In the entries that follow, the line with "have -> : T = \sum_j (b j \o R j)%VF." opens the range and the line with "by apply: linfunE_linear => k y" closes it; repeat that range exactly, both lines included.

::: Data to use

(* Let $L$ be the $S$-glued sum of an $S$-glued system $(L_x)_{x\in S}$, and let $U\subseteq L$ be a subset having a least element $u$ and a greatest element $v$ (with respect to the order of $L$). Let $A$ be the set of elements $a\in U$ such that there is no $b\in U$ with $u<b<a$ (and $a\ne u$). Assume that every $a\in A$ covers $u$ in $L$ and that $v=\sup_L A$. Then there is $x\in S$ with $U\subseteq L_x$ such that for all $a,b,c\in U$: $\sup_L(a,b)=c$ iff $a+_x b=c$, and $\inf_L(a,b)=c$ iff $a\cdot_x b=c$.
   Context: Let $S$ be a lattice of finite length (every chain in $S$ is finite), with order $\le$, join $\vee$ and meet $\wedge$; $x\prec y$ means that $y$ covers $x$. An \emph{$S$-glued system} is a family $(L_x,\le_x)_{x\in S}$ of lattices of finite length (with join $+_x$, meet $\cdot_x$, least element $0_x$, greatest element $1_x$), whose underlying sets may overlap, such that for all $x,y\in S$: (1) if $x\le y$ and $L_x\cap L_y\ne\emptyset$, then $L_x\cap L_y$ is a filter of $L_x$ and an ideal of $L_y$; (2) in the situation of (1), for all $a,b\in L_x\cap L_y$: $a\le_x b$ iff $a\le_y b$; (3) if $x\prec y$ then $L_x\cap L_y\ne\emptyset$; (4) $L_x\cap L_y\subseteq L_{x\wedge y}\cap L_{x\vee y}$. The \emph{$S$-glued sum} of the system is the set $L=\bigcup_{x\in S}L_x$ equipped with the relation $\le$ defined as the transitive closure of $\bigcup_{x\in S}\le_x$; it is a lattice. *)

(* S is a mathcomp latticeType; the glued lattices L_x live
   as subsets of a common carrier type T, with their own order relations. *)
From HB Require Import structures.
From mathcomp Require Import all_boot all_order.
From Stdlib Require Relation_Operators List.
Set Implicit Arguments. Unset Strict Implicit. Unset Printing Implicit Defensive.
Import Order.TTheory.
Local Open Scope order_scope.

Section GeneralOrders.
Variable T : Type.

Definition finite_length (P : T -> Prop) (le : T -> T -> Prop) : Prop :=
  forall C : T -> Prop,
    (forall a, C a -> P a) ->
    (forall a b, C a -> C b -> le a b \/ le b a) ->
    exists s : list T, forall a, C a -> List.In a s.

Definition is_lub (P : T -> Prop) (le : T -> T -> Prop) (a b c : T) : Prop :=
  P c /\ le a c /\ le b c /\ forall d, P d -> le a d -> le b d -> le c d.

Definition is_glb (P : T -> Prop) (le : T -> T -> Prop) (a b c : T) : Prop :=
  P c /\ le c a /\ le c b /\ forall d, P d -> le d a -> le d b -> le d c.
Section IrreducibleAlgebra.
Context {K : fieldType} {V : vectType K} {B : {vspace 'End(V)}}.
Hypothesis B1 : \1%VF \in B.
Hypothesis BM : forall f g, f \in B -> g \in B -> (f \o g)%VF \in B.
Hypothesis Birr : forall U : {vspace V},
  (forall f u, f \in B -> u \in U -> f u \in U) -> U = 0%VS \/ U = fullv.

Lemma orbit_full {v} : v != 0 -> forall x, exists2 b, b \in B & b v = x.
Proof.
move=> v0 x; pose ev : 'Hom('End(V), V) := linfun (fun b : 'End(V) => b v).
have evE b : ev b = b v.
  by apply: linfunE_linear => k b1 b2; rewrite add_lfunE scale_lfunE.
suff /memv_imgP[b bB ->] : x \in (ev @: B)%VS by exists b; rewrite ?evE.
have evB f y : f \in B -> y \in (ev @: B)%VS -> f y \in (ev @: B)%VS.
  move=> fB /memv_imgP[b bB ->]; rewrite evE -comp_lfunE -evE.
  exact/memv_img/BM.
have [Bv0|->] := Birr _ evB; last by rewrite memvf.
have : v \in (ev @: B)%VS by rewrite -(id_lfunE v) -evE memv_img.
by rewrite Bv0 memv0 (negbTE v0).
Qed.

(* The maps [E \o b], [b \in B], land in [<[u]>] and separate points (by
   [orbit_full]), so they give every map into [<[u]>]; composing with [B] on
   the left then moves the line anywhere. *)
Lemma mem_of_line_map (E : 'End(V)) (u : V) :
  E \in B -> E != 0 -> (forall x, E x \in <[u]>%VS) -> forall T, T \in B.
Proof.
move=> EB /lfunPn[x0]; rewrite zero_lfunE => Ex0 Eu.
pose cmpE := linfun (fun b : 'End(V) => (E \o b)%VF); pose Q := (cmpE @: B)%VS.
have cmpEE b : cmpE b = (E \o b)%VF.
  by apply: linfunE_linear => k b1 b2; rewrite comp_lfunDr comp_lfunZr.
have QB T : T \in Q -> exists2 b, b \in B & T = (E \o b)%VF.
  by case/memv_imgP=> b bB ->; exists b; rewrite ?cmpEE.
have Qu T x : T \in Q -> T x \in <[u]>%VS by case/QB=> b _ ->; rewrite comp_lfunE.
have dimQ : (\dim {:V} <= \dim Q)%N.
  apply: (dim_leq_separating Q Qu) => x x_neq0.
  have [b bB bx] := orbit_full x_neq0 x0.
  by exists (E \o b)%VF; rewrite ?comp_lfunE ?bx // -cmpEE memv_img.
have lineB (R : 'End(V)) : (forall x, R x \in <[u]>%VS) -> R \in B.
  by move=> Ru; have [b bB ->] := QB R (line_maps_mem Q Qu dimQ R Ru); exact: BM.
have u0 : u != 0 by apply: contraNneq Ex0 => u0; move: (Eu x0); rewrite u0 memv0.
move=> T; pose e := vbasis {:V}.
have /fin_all_exists[b bP] (j : 'I_(\dim {:V})) : exists b, (b \in B) && (b u == e`_j).
  by have [b bB bu] := orbit_full u0 e`_j; exists b; rewrite bB bu eqxx.
pose R j := linfun (fun x : V => coord e j (T x) *: u).
have RE j x : R j x = coord e j (T x) *: u.
  by apply: linfunE_linear => a y z; rewrite !linearP /= scalerDl scalerA.
have -> : T = \sum_j (b j \o R j)%VF.
  apply/lfunP => x; rewrite sum_lfunE {1}(coord_vbasis (memvf (T x))).
  apply: eq_bigr => j _; rewrite comp_lfunE RE linearZ /=.
  by case/andP: (bP j) => _ /eqP ->.
apply: memv_suml => j _; apply: BM; first by case/andP: (bP j).
by apply: lineB => x; rewrite RE memvZ // memv_line.
Qed.

End IrreducibleAlgebra.

Lemma stable_subspace_eigenvector {C : numClosedFieldType} {V : vectType C}
    (S : 'End(V)) (U : {vspace V}) :
  U != 0%VS -> (S @: U <= U)%VS ->
  exists v (l : C), [/\ v \in U, v != 0 & S v = l *: v].
Proof.
move=> U0 SU; have SUin u : u \in U -> S u \in U by move=> uU; exact/(subvP SU)/memv_img.
pose SU' : 'End(subvs_of U) := linfun (fun x => vsproj U (S (vsval x))).
have SU'E x : SU' x = vsproj U (S (vsval x)).
  by apply: linfunE_linear => k y z; rewrite !linearP.
have eb := vbasisP {:subvs_of U}.
have dimU : (0 < \dim {:subvs_of U})%N.
  by rewrite dimvf /dim /= lt0n dimv_eq0.
have [l Hl] := eigenvalue_closed (passmx.mxof (vbasis _) (vbasis _) SU') dimU.
have : passmx.leigenspace SU' l != 0%VS.
  by rewrite (passmx.leigenspaceE eb) passmx.vsof_eq0.
rewrite -vpick0 => x0.
have := memv_pick (passmx.leigenspace SU' l); set x := vpick _ in x0 *.
rewrite memv_ker !lfunE /= !lfunE /= subr_eq0 SU'E => /eqP Sx.
exists (vsval x), l; split; first exact: subvsP.
  by apply: contraNneq x0 => /(congr1 (vsproj U)); rewrite vsvalK linear0 => ->.
by rewrite -(vsprojK (SUin _ (subvsP x))) Sx scale_lfunE id_lfunE linearZ.
Qed.

Section Burnside.
Context {C : numClosedFieldType} {V : vectType C} (B : {vspace 'End(V)}).
Hypothesis B1 : \1%VF \in B.
Hypothesis BM : forall f g, f \in B -> g \in B -> (f \o g)%VF \in B.
Hypothesis Birr : forall U : {vspace V},
  (forall f u, f \in B -> u \in U -> f u \in U) -> U = 0%VS \/ U = fullv.
Definition complete_parts s (S : {set V}) (t : nat) (A : 'I_s -> {set V}) : Prop :=
  (forall i, A i \subset S /\ t <= #|A i|) /\
  (forall i j, i != j -> forall x y, x \in A i -> y \in A j -> e x y).

Definition extend_parts s (A : 'I_s -> {set V}) (Y : {set V}) (i : 'I_s.+1) :=
  if unlift ord_max i is Some j then A j else Y.

Lemma complete_parts_sub s S t t' (A B : 'I_s -> {set V}) :
  complete_parts S t A -> (forall i, B i \subset A i /\ t' <= #|B i|) ->
  complete_parts S t' B.
Proof.
move=> [hA hK] hB; split.
  by move=> i; have [BA ->] := hB i; rewrite (subset_trans BA) ?(proj1 (hA i)).
move=> i j ij x y xB yB.
exact: hK ij x y (subsetP (proj1 (hB i)) x xB) (subsetP (proj1 (hB j)) y yB).
Qed.

Lemma complete_parts_trim s S t (A : 'I_s -> {set V}) :
  complete_parts S t A ->
  exists B : 'I_s -> {set V}, complete_parts S t B /\ forall i, #|B i| = t.
Proof.
move=> hA; have small_sub i : exists B : {set V}, B \subset A i /\ #|B| = t.
  have /card_geqP [s' [us s'A sA]] := proj2 (proj1 hA i).
  exists [set x in s']; rewrite cardsE (card_uniqP us) s'A; split=> //.
  by apply/subsetP => x; rewrite inE => /sA.
have [B hB] := fin_all_exists small_sub.
exists B; split=> [|i]; last by rewrite (proj2 (hB i)).
apply: complete_parts_sub hA _ => i.
by rewrite (proj2 (hB i)); split; first exact: (proj1 (hB i)).
Qed.

Hypothesis e_sym : symmetric e.

Lemma complete_parts_extend s S t (A : 'I_s -> {set V}) (Y : {set V}) :
  complete_parts S t A -> Y \subset S -> t <= #|Y| ->
  (forall i x y, x \in A i -> y \in Y -> e x y) ->
  complete_parts S t (extend_parts A Y).
Proof.
move=> [hA hK] YS hY hAY; split=> [i | i j].
  by rewrite /extend_parts; case: (unlift ord_max i).
rewrite /extend_parts.
case: (unliftP ord_max i) => [i'|] ->; rewrite ?liftK ?unlift_none;
  case: (unliftP ord_max j) => [j'|] ->; rewrite ?liftK ?unlift_none //.
- by rewrite (inj_eq lift_inj); apply: hK.
- by move=> _ x y; apply: hAY.
- by move=> _ x y xY yA; rewrite e_sym; apply: hAY yA xY.
- by rewrite eqxx.
Qed.

End CompleteParts.

Lemma min_degree_dense_weaken (V : finType) (e : rel V) m r (S : {set V}) :
  min_degree_dense e m r.+1 S -> min_degree_dense e m r S.
Proof.
move=> dense x xS; have := dense x xS; set n := #|S|; set d := deg_in e S x => h.
have hr : r * ((m * r.+1 + r.+1) * n) <= r * (m * r.+1 * d + m * n).
  by rewrite leq_mul2l h orbT.
by rewrite -(leq_pmul2l (ltn0Sn r)); lia.
Qed.

Section RichVertices.

Variables (V : finType) (e : rel V) (m r t T : nat) (S : {set V}).
Variable A : 'I_r.+1 -> {set V}.
Hypotheses (A_sub : forall i, A i \subset S) (A_card : forall i, #|A i| = T).

Let W := \bigcup_i A i.
Let U := S :\: W.
Let rich := [set u in U | [forall i, t <= deg_in e (A i) u]].
Let cross := \sum_i \sum_(w in A i) deg_in e U w.

Lemma card_parts_union : #|W| <= r.+1 * T.
Proof.
apply: leq_trans (card_bigcup_le _) _.
by rewrite (eq_bigr (fun _ => T)) ?sum_nat_const ?card_ord // => i _; rewrite A_card.
Qed.
Section generalization_error.
Context {R : realType} {dO dS dW : measure_display} {Om : measurableType dO}
  {S : measurableType dS} {W : measurableType dW} (P : probability Om R).
Variables (loss : S * W -> R) (K : nat) (n : 'I_K -> nat)
  (pi : 'I_K -> probability S R) (X : forall k : 'I_K, 'I_(n k) -> {mfun Om >-> S})
  (What : {mfun Om >-> W}).
Hypotheses (measurable_loss : measurable_fun setT loss)
  (loss_ge0 : forall z, (0 <= loss z)%R)
  (integrable_prod : forall k, (prod_prob (pi k) (distribution P What)).-integrable
     setT (fun z => (loss z)%:E))
  (integrable_loss : forall k i, P.-integrable setT (fun w => (loss (X k i w, What w))%:E)).

Let weight k : R := ((n k)%:R / (\sum_(j < K) n j)%:R)%R.
Let prod_mean k := fine (\int[prod_prob (pi k) (distribution P What)]_z (loss z)%:E).
Let sample_mean k i := fine (\int[P]_w (loss (X k i w, What w))%:E).
Let risk k w := \int[pi k]_s (loss (s, What w))%:E.

Let integral_risk k : \int[P]_w risk k w = (prod_mean k)%:E.
Proof.
rewrite -integral_prod_prob_loss// fineK//.
exact: integrable_fin_num (integrable_prod k).
Qed.

Let integrable_risk k : P.-integrable setT (risk k).
Proof.
have risk_ge0 w : 0 <= risk k w by apply: integral_ge0 => s _; rewrite lee_fin.
apply/integrableP; split.
  have Eloss_ge0 z : 0 <= (EFin \o loss) z by rewrite lee_fin.
  apply: (measurableT_comp (measurable_fun_fubini_tonelli_G (m1 := pi k) _ _ Eloss_ge0)).
  - exact/measurable_EFinP.
  - exact: measurable_funP.
under eq_integral do rewrite gee0_abs//.
by rewrite integral_risk ltry.
Qed.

::::::

» Written solution
have -> : T = \sum_j (b j \o R j)%VF.
  apply/lfunP => x; rewrite sum_lfunE {1}(coord_vbasis (memvf (T x))).
  apply: eq_bigr => j _; rewrite comp_lfunE RE linearZ /=.
  by case/andP: (bP j) => _ /eqP ->.
apply: memv_suml => j _; apply: BM; first by case/andP: (bP j).
by apply: lineB => x; rewrite RE memvZ // memv_line.
Qed.

End IrreducibleAlgebra.

Lemma stable_subspace_eigenvector {C : numClosedFieldType} {V : vectType C}
    (S : 'End(V)) (U : {vspace V}) :
  U != 0%VS -> (S @: U <= U)%VS ->
  exists v (l : C), [/\ v \in U, v != 0 & S v = l *: v].
Proof.
move=> U0 SU; have SUin u : u \in U -> S u \in U by move=> uU; exact/(subvP SU)/memv_img.
pose SU' : 'End(subvs_of U) := linfun (fun x => vsproj U (S (vsval x))).
have SU'E x : SU' x = vsproj U (S (vsval x)).
  by apply: linfunE_linear => k y z; rewrite !linearP.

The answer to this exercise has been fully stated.